Table 1. Analyses of the potassium borohydride sample.

Gram formula weight=53.94488 g

Elements	Percentage by weighta
	Analysis	T’heoretical
Potassium	71.2 (flame photometry) 72.8 (titration)	72.49 20.04 7.474
Boron Hydrogen Chloride	20.2 (titration) 7.44 (gasometry) 0.10 (titration)
Methods	Percentage in weight of KBH4b
	Specimen A	Specimen B
Hydrogen (by evolution)	98.69 98.73	99.12 99.12
Boric acid titration	99. 56 99.70	99.91 100. 00

^aThese values were supplied by the Metal Hydrides, Inc.; the percentages of potassium borohydride, based on potassium (titration), boron, and hydrogen, are 100.4, 100.8, and 99.5, respectively.

^bThese analyses were obtained by R. A. Paulson of the Applied Analytical Research Section of the National Bureau of Standards. Specimen A was sampled from the top and specimen B from the bottom of the storage jar.

The sample was received, sealed with paraffin, in a screw-cap jar. The jar was opened approximately two weeks after receipt in an inert atmosphere box containing dry argon and a portion of the sample was transferred without further treatment into a calorimeter vessel. The sample was pumped in the vessel for two days, purged with helium gas several times, and finally sealed wish a small quantity of helium gas. The helium gas serves to increase the rate of temperature equilibrium in the sample during the heat-capacity measurements.

After completion of the heat-capacity measurements the purity of the sample was redetermined by hydrogen-evolution analysis and by titration of the boric acid. The analyses were performed by R. A. Paulson of the Applied Analytical Research Section of the Bureau. In the hydrogen analysis, the hydrogen was liberated by hydrolysis with 6N hydrochloric acid. The liberated hydrogen gas was swept by nitrogen through an absorber containing Ascarite and Anhydrone to remove any acid and water. The dried hydrogen gas was then oxidized on copper oxide at 700 °C to water which was absorbed on Anhydrone and weighed. For the boric acid analysis, the sample was first titrated with standard hydrochloric acid to the methyl red end point, and after the addition of several grams of mannitol, was titrated with standard sodium hydroxide to the phenolphthalein end point.

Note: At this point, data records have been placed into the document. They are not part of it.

(* Let $(P,\theta)$ be an X-program with $P$ an $n\times l$ binary matrix, let $\mathbf{X}$ be its output random variable, and let $m$ be a projector on $\mathbb{F}_2^l$ with range $R$, such that the range of the dual map $m^*$ is $R^*$. Then for every $\mathbf{x}\in R$, \[ \mathbb{P}[m(\mathbf{X})=\mathbf{x}]=\mathbb{E}_{\mathbf{s}\in R^*}\big[(-1)^{\mathbf{x}\cdot\mathbf{s}}\cdot\alpha_{(P_{\mathbf{s}},2\theta)}\big], \] where $\mathbb{E}_{\mathbf{s}\in R^*}$ denotes the average over $\mathbf{s}$ uniform in $R^*$.
   Context: An X-program $(P,\theta)$: $P$ is an $n\times l$ matrix over $\mathbb{F}_2$, $\theta\in\mathbb{R}$, $\mathbf{H}_P=\sum_{a=1}^n\prod_{b=1}^lX_b^{P_{ab}}$ on $l$ qubits ($X_b$ Pauli $X$ on qubit $b$), and $\mathbf{X}$ is the random variable on $\mathbb{F}_2^l$ with $\mathbb{P}[\mathbf{X}=\mathbf{x}]=|\langle\mathbf{x}|\exp(i\theta\mathbf{H}_P)|\mathbf{0}\rangle|^2$. A projector is a linear map $m:\mathbb{F}_2^l\to\mathbb{F}_2^l$ with $m^2=m$ (not necessarily orthogonal); $K$ and $R$ are its kernel and range, and $m^*$ is its dual (transpose) with respect to the standard inner product $\mathbf{x}\cdot\mathbf{y}$. The marginal distribution is $\mathbb{P}[m(\mathbf{X})=\mathbf{x}]=[\mathbf{x}\in R]\sum_{\mathbf{k}\in K}\mathbb{P}[\mathbf{X}=\mathbf{x}+\mathbf{k}]$. For $\mathbf{s}\in\mathbb{F}_2^l$, $P_{\mathbf{s}}$ is the matrix obtained from $P$ by deleting all rows $\mathbf{a}$ with $\mathbf{a}\cdot\mathbf{s}=0$. For a binary matrix $M$ with $n'$ rows and rank $r$, $\mathcal{C}(M)\subseteq\mathbb{F}_2^{n'}$ is the span of its columns, $W_{\mathcal{C}}(\zeta)=\sum_{\mathbf{c}\in\mathcal{C}}\zeta^{|\mathbf{c}|}$ with $|\mathbf{c}|$ the Hamming weight, and $\alpha_{(M,\phi)}=2^{-r}e^{i\phi n'}W_{\mathcal{C}(M)}(e^{-2i\phi})$. *)

From HB Require Import structures.
From mathcomp Require Import all_boot all_order all_algebra.
From mathcomp Require Import all_classical all_reals all_analysis.
From mathcomp Require Import complex.
Set Implicit Arguments.
Unset Strict Implicit.
Unset Printing Implicit Defensive.
Import Order.TTheory GRing.Theory Num.Theory.
Import numFieldNormedType.Exports.
Local Open Scope ring_scope.
Local Open Scope complex_scope.

Notation bvec l := 'rV['F_2]_l.

Definition dotF (l : nat) (x y : bvec l) : 'F_2 := (x *m y^T) 0 0.

(* matrix element <x| H_P |y> of H_P = sum_a prod_b X_b^{P_ab}:
   the Pauli string prod_b X_b^{P_ab} maps |y> to |y + row a P>. *)
Definition Hmat (R : realType) (n l : nat) (P : 'M['F_2]_(n, l))
    (x y : bvec l) : R[i] :=
  \sum_(a < n) (x == y + row a P)%:R.

Fixpoint Hpow (R : realType) (n l : nat) (P : 'M['F_2]_(n, l)) (k : nat)
    (x y : bvec l) : R[i] :=
  match k with
  | 0 => (x == y)%:R
  | k'.+1 => \sum_(z : bvec l) Hmat R P x z * Hpow R P k' z y
  end.

(* <x| exp(i theta H_P) |0> = sum_k (i theta)^k / k! <x|H_P^k|0>
   (entry of the exponential series of the operator i theta H_P) *)
Definition amp (R : realType) (n l : nat) (P : 'M['F_2]_(n, l)) (theta : R)
    (x : bvec l) : R[i] :=
  limn (series ((fun k => ('i * theta%:C) ^+ k / (k`!)%:R * Hpow R P k x 0)
                 : nat -> (R[i] : numFieldType))).

Definition probX (R : realType) (n l : nat) (P : 'M['F_2]_(n, l)) (theta : R)
    (x : bvec l) : R[i] :=
  `|amp P theta x| ^+ 2.

(* A projector m on F_2^l is represented by a matrix M acting on row vectors:
   m(x) = x *m M, with M *m M = M.  Its dual (w.r.t. x.y = x *m y^T) is
   m^*(y) = y *m M^T. *)
Definition proj_range (l : nat) (M : 'M['F_2]_l) : {set bvec l} :=
  [set x *m M | x : bvec l].
Definition proj_dual_range (l : nat) (M : 'M['F_2]_l) : {set bvec l} :=
  [set y *m M^T | y : bvec l].

Definition marginal (R : realType) (n l : nat) (P : 'M['F_2]_(n, l))
    (theta : R) (M : 'M['F_2]_l) (x : bvec l) : R[i] :=
  \sum_(y : bvec l | y *m M == x) probX P theta y.

(* P_s : rows a of P with a . s = 1, in their original order *)
Definition rows_s (n l : nat) (P : 'M['F_2]_(n, l)) (s : bvec l) : {set 'I_n} :=
  [set a : 'I_n | dotF (row a P) s == 1].
Definition Psub (n l : nat) (P : 'M['F_2]_(n, l)) (s : bvec l) :
    'M['F_2]_(#|rows_s P s|, l) :=
  rowsub (fun i : 'I_#|rows_s P s| => enum_val i) P.

Definition colspan (n' l : nat) (M : 'M['F_2]_(n', l)) : {set 'cV['F_2]_n'} :=
  [set M *m v | v : 'cV['F_2]_l].
Definition hweight (n' : nat) (c : 'cV['F_2]_n') : nat :=
  #|[set i : 'I_n' | c i 0 != 0]|.

Definition weight_enum (R : realType) (n' : nat) (C : {set 'cV['F_2]_n'})
    (zeta : R[i]) : R[i] :=
  \sum_(c in C) zeta ^+ hweight c.

Definition expi (R : realType) (phi : R) : R[i] := cos phi +i* sin phi.

Definition alpha (R : realType) (n' l : nat) (M : 'M['F_2]_(n', l)) (phi : R)
    : R[i] :=
  (2 ^+ \rank M)^-1 * expi (phi * n'%:R) *
  weight_enum (colspan M) (expi (- (2 * phi))).

From HB Require Import structures.
From mathcomp Require Import all_boot all_order all_algebra.
From mathcomp Require Import all_classical all_reals all_analysis.
From mathcomp Require Import complex ring mxabelem.
Import Order.TTheory GRing.Theory Num.Theory.
Import numFieldNormedType.Exports.
Set Implicit Arguments.
Unset Strict Implicit.
Unset Printing Implicit Defensive.
Local Open Scope ring_scope.
Local Open Scope complex_scope.

(* The Hamiltonian H_P is diagonal in the Fourier basis of F_2^l: the character
   x |-> (-1)^(x.s) is an eigenvector of eigenvalue lam s = sum_a (-1)^(P_a.s).
   Hence <x|exp(i theta H_P)|0> = 2^-l sum_s (-1)^(x.s) e^(i theta lam s) and
   P[X = y] = 2^-2l sum_u (-1)^(y.u) sum_s e^(i theta (lam s - lam (u - s))).
   Since lam s - lam (u - s) = 2 (|P_u| - 2 wt(P_u s)), the inner sum only
   depends on the codeword P_u s, and counting the s behind each codeword gives
   2^l alpha_(P_u, 2 theta).  Summing P[X = y] over the coset x + ker m kills
   every u outside (ker m)^perp = R^*, and |ker m| |R^*| = 2^l. *)

Definition sgF2 {T : pzRingType} (a : 'F_2) : T := (-1) ^+ (a == 1).

Lemma F2_cases (a : 'F_2) : a = 0 \/ a = 1.
Proof. by case: a => [[|[|//]]] Ha; [left|right]; apply: val_inj. Qed.

Section SignCharacter.
Variable T : pzRingType.

Lemma sgF2_0 : sgF2 0 = 1 :> T.
Proof. by []. Qed.

Lemma sgF2_1 : sgF2 1 = -1 :> T.
Proof. by rewrite /sgF2 eqxx expr1. Qed.

Lemma sgF2D (a b : 'F_2) : sgF2 (a + b) = sgF2 a * sgF2 b :> T.
Proof.
by case: (F2_cases a) => ->; case: (F2_cases b) => ->;
  rewrite /sgF2 /= ?expr0 ?expr1 ?mul1r ?mulr1 ?mulrNN ?mulr1.
Qed.

Lemma sgF2N (a : 'F_2) : sgF2 (- a) = sgF2 a :> T.
Proof.
by case: (F2_cases a) => ->; rewrite ?oppr0 // [- 1](_ : _ = 1) //; apply/eqP.
Qed.

Lemma sgF2B (a b : 'F_2) : sgF2 (a - b) = sgF2 a * sgF2 b :> T.
Proof. by rewrite sgF2D sgF2N. Qed.

Lemma sgF2E (a : 'F_2) : sgF2 a = 1 - 2 * (a != 0)%:R :> T.
Proof.
case: (F2_cases a) => ->; first by rewrite /sgF2 /= expr0 mulr0 subr0.
by rewrite /sgF2 /= expr1 mulr1 opprD addrA subrr add0r.
Qed.

Lemma rmorph_sgF2 (U : pzRingType) (f : {rmorphism T -> U}) (a : 'F_2) :
  f (sgF2 a) = sgF2 a.
Proof. by rewrite /sgF2 rmorphXn rmorphN1. Qed.

End SignCharacter.

Lemma addmx_F2_self (m k : nat) (x : 'M['F_2]_(m, k)) : x + x = 0.
Proof.
by apply/matrixP => i j; rewrite !mxE; case: (F2_cases (x i j)) => ->; apply/eqP.
Qed.

Section DotProduct.
Variable l : nat.
Implicit Types x y s t : 'rV['F_2]_l.

Lemma dotFDl x y s : dotF (x + y) s = dotF x s + dotF y s.
Proof. by rewrite /dotF mulmxDl mxE. Qed.

Lemma dotFBl x y s : dotF (x - y) s = dotF x s - dotF y s.
Proof. by apply: (addIr (dotF y s)); rewrite -dotFDl !subrK. Qed.

Lemma dotFC x y : dotF x y = dotF y x.
Proof. by rewrite /dotF -[x *m _]trmxK trmx_mul trmxK mxE. Qed.

Lemma dotFDr x s t : dotF x (s + t) = dotF x s + dotF x t.
Proof. by rewrite dotFC dotFDl !(dotFC x). Qed.

Lemma dotFBr x s t : dotF x (s - t) = dotF x s - dotF x t.
Proof. by rewrite dotFC dotFBl !(dotFC x). Qed.

Lemma dotF0l s : dotF 0 s = 0.
Proof. by rewrite /dotF mul0mx mxE. Qed.

Lemma dotF_delta x (j : 'I_l) : dotF (delta_mx 0 j) x = x 0 j.
Proof.
rewrite /dotF mxE (bigD1 j) //= big1 ?addr0; first by rewrite !mxE !eqxx mul1r.
by move=> k /negbTE nk; rewrite !mxE nk andbF mul0r.
Qed.

Lemma card_rV_F2 : #|[set: 'rV['F_2]_l]| = (2 ^ l)%N.
Proof. by rewrite cardsT card_mx card_Fp // mul1n. Qed.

The analyses were not done immediately after the completion of the heat measurements; the composition of the sample investigated is therefore somewhat uncertain. The sample upon removal from the calorimeter vessel was stored in a screw-cap jar in a desiccator containing Drierite and the analyses were performed approximately one year later. Two samples taken from the top of the jar analyzed 98.69 and 98.73 percent by hydrogen analysis and 99.56 and 99.70 percent by titration of the boric acid. Another pair of samples from the bottom of the jar both analyzed 99.12 percent by hydrogen analysis and 99.91 and 100.00 percent by titration of the boric acid. These analyses suggest that the heat-capacity measurements were made on a sample that was at least 99.1 percent KBH₄, probably 99.5 percent.

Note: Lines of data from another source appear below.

Lemma spanning_contr (H G : mgraph) (phi : V H -> V G) (psi : E H -> E G)
    (v w : V H) (vw : v != w) (vw' : phi v != phi w) :
  submultigraph_via H G phi psi -> bijective phi ->
  spanning_submultigraph (contr vw) (contr vw').
Proof.
move=> sub phi_bij; have [phi_inj [psi_inj [_ wt_phi]]] := sub.
have proj_phi_eq x y :
    contr_proj vw' (phi x) = contr_proj vw' (phi y) <->
    contr_proj vw x = contr_proj vw y.
  by rewrite !contr_proj_eq; split=> [[|[[]|[]]] | [|[[]|[]]]]; do ?move/phi_inj;
    do ?move->; auto.
pose fV (y : V (contr vw)) : V (contr vw') := contr_proj vw' (phi (val y)).
pose fE (e : E (contr vw)) : E (contr vw') :=
  exist _ (psi (val e)) (sub_not_joins sub (valP e)).
have fV_proj x : fV (contr_proj vw x) = contr_proj vw' (phi x).
  by apply/proj_phi_eq; rewrite contr_projK.
have fV_inj : injective fV.
  by move=> y1 y2 /proj_phi_eq; rewrite !contr_projK.
exists fV, fE; split; last first.
  apply: inj_surj_bij fV_inj _ => z; have [g phiK phiV] := phi_bij.
  have [x <-] := contr_proj_surj vw' z.
  by exists (contr_proj vw (g x)); rewrite fV_proj phiV.
do !split=> //.
- by move=> e1 e2 /(congr1 val) /psi_inj eq_e; apply: val_inj.
- move=> e; rewrite !fV_proj.
  exact/contr_joins/(sub_joins sub)/joins_ends.
- move=> y; rewrite -[in leLHS](contr_projK vw y) -[in leRHS](contr_projK vw y).
  rewrite fV_proj !contr_wt_proj !(inj_eq phi_inj).
  by case: ifP => _; rewrite ?lerD ?wt_phi.
Qed.

(* [admissible_contraction G G'] unfolds to
   [exists v w, contraction_of G G' v w /\ admissible_at v w]. *)
Definition admissible_at (G : mgraph) (v w : V G) : Prop :=
  exists l : nat, (l < mult v w)%N /\
    (forall x, x != v -> x != w -> (3 <= deg x)%N) /\
    ((l%:Z + 1)%R <= wt v)%R /\ ((l%:Z + 2)%R <= wt w)%R /\
    (3%:Z <= (deg v)%:Z - (mult v w)%:Z + l%:Z)%R /\
    (3%:Z <= (deg w)%:Z - (mult v w)%:Z + l%:Z)%R.

Lemma admissible_at_spanning (H G : mgraph) (phi : V H -> V G) (psi : E H -> E G)
    (v w : V H) :
  submultigraph_via H G phi psi -> bijective phi ->
  admissible_at v w -> admissible_at (phi v) (phi w).
Proof.
move=> sub [g _ phiV] [l [lt_l_mult [deg3 [wt_v [wt_w [deg_v deg_w]]]]]].
have [_ [_ [_ wt_phi]]] := sub.
have mult_le := sub_mult sub v w.
have deg_mult_v := sub_deg_mult sub v w.
have deg_mult_w := sub_deg_mult sub w v.
rewrite mult_sym [mult (phi w) _]mult_sym in deg_mult_w.
exists l; do !split.
- exact: leq_trans lt_l_mult mult_le.
- move=> x xv xw; rewrite -(phiV x); apply: leq_trans (sub_deg sub _).
  by apply: deg3; [move: xv | move: xw]; apply: contra_neq => <-; rewrite phiV.
- exact: le_trans wt_v (wt_phi v).
- exact: le_trans wt_w (wt_phi w).
- lia.
- lia.
Qed.

Lemma admissible_contraction_spanning (H H' G : mgraph) :
  spanning_submultigraph H G -> admissible_contraction H H' ->
  exists2 G', admissible_contraction G G' & spanning_submultigraph H' G'.
Proof.
move=> [phi [psi [sub phi_bij]]] [v [w [contr_H adm_vw]]].
have vw : v != w by case: contr_H => /adjacent_neq.
have vw' : phi v != phi w by rewrite (bij_eq phi_bij).
have H'G' := spanning_submultigraph_trans
  (contraction_of_spanning_contr vw contr_H) (spanning_contr vw vw' sub phi_bij).
exists (contr vw') => //.
exists (phi v), (phi w); split; last exact: (admissible_at_spanning sub phi_bij adm_vw).
case: contr_H => adj [_ [psH _]]; have [e _] := existsP adj.
have [_ [psi' _]] := H'G'.
exact: contr_contraction_of vw' (psi' (psH e)) (sub_adjacent sub adj).
Qed.

Unset Implicit Arguments.

Theorem lemma3p4 (G H : mgraph) :
  spanning_submultigraph H G -> adm_contractible H -> adm_contractible G.
Proof.
move=> HG Hc; elim: H / Hc G HG => [H H1 G [phi [_ [_ phi_bij]]] | H H' HH' _ IH G HG].
- by apply: adm_single; rewrite -(bij_eq_card phi_bij).
- have [G' GG' H'G'] := admissible_contraction_spanning HG HH'.
  exact: adm_step GG' (IH _ H'G').
Qed.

Most literature information indicates that KBH₄ is stable, but a test sample exposed continuously for 48 days to the laboratory atmosphere changed in KBH₄ content from 98.4 to 96.7 percent according to hydrogen analysis. Considering the analyses given for the sample by the supplier and those obtained approximately one year later, the composition of the sample investigated was taken to be 99.5 percent KBH₄ and 0.5 percent KBO₂ possibly formed according to the reactions:

$${\text{KBH}}_4+2{\text{H}}_2\text{O}={\text{KBO}}_2+4{\text{H}}_2$$ (1)

and

$${\text{KBH}}_4+2{\text{O}}_2={\text{KBO}}_2+2{\text{H}}_2\text{O}.$$ (2)

Corrections were made to the observed values of heat capacity on the basis that the heat capacities of KBH₄ and KBO₂ were additive. Because of the lack of heat-capacity data on KBO₂, the corrections were calculated on the basis that the ratio of the heat capacity of KBO₂ to KBH₄ is the same as that of NaBO₂ [20] to NaBH₄ [1].

4. Experimental Results

4.1. Heat Capacity

The observed values of molal heat capacity from about 15 to 375 °K are summarized in table 2 and plotted in figure 1. The heat-capacity curve indicates a broad transition starting from about 200 °K and begins to flatten from about 300 °K. A part of the same transition was observed by Douglas and Harman [13] in their measurements of the enthalpy relative to 273 °K up to 673 °K. Figure 2 shows how the smoothed low-temperature values of heat capacity join with those calculated from the heat-capacity equation:

$$\begin{gathered} C_p=0.9999422\times 4.1840(80.810-0.130681T \\ +1.0217\times {10}^{-4}{T}^2-8,303/T)\text{J}/\text{deg -mole }. \end{gathered}$$ (3)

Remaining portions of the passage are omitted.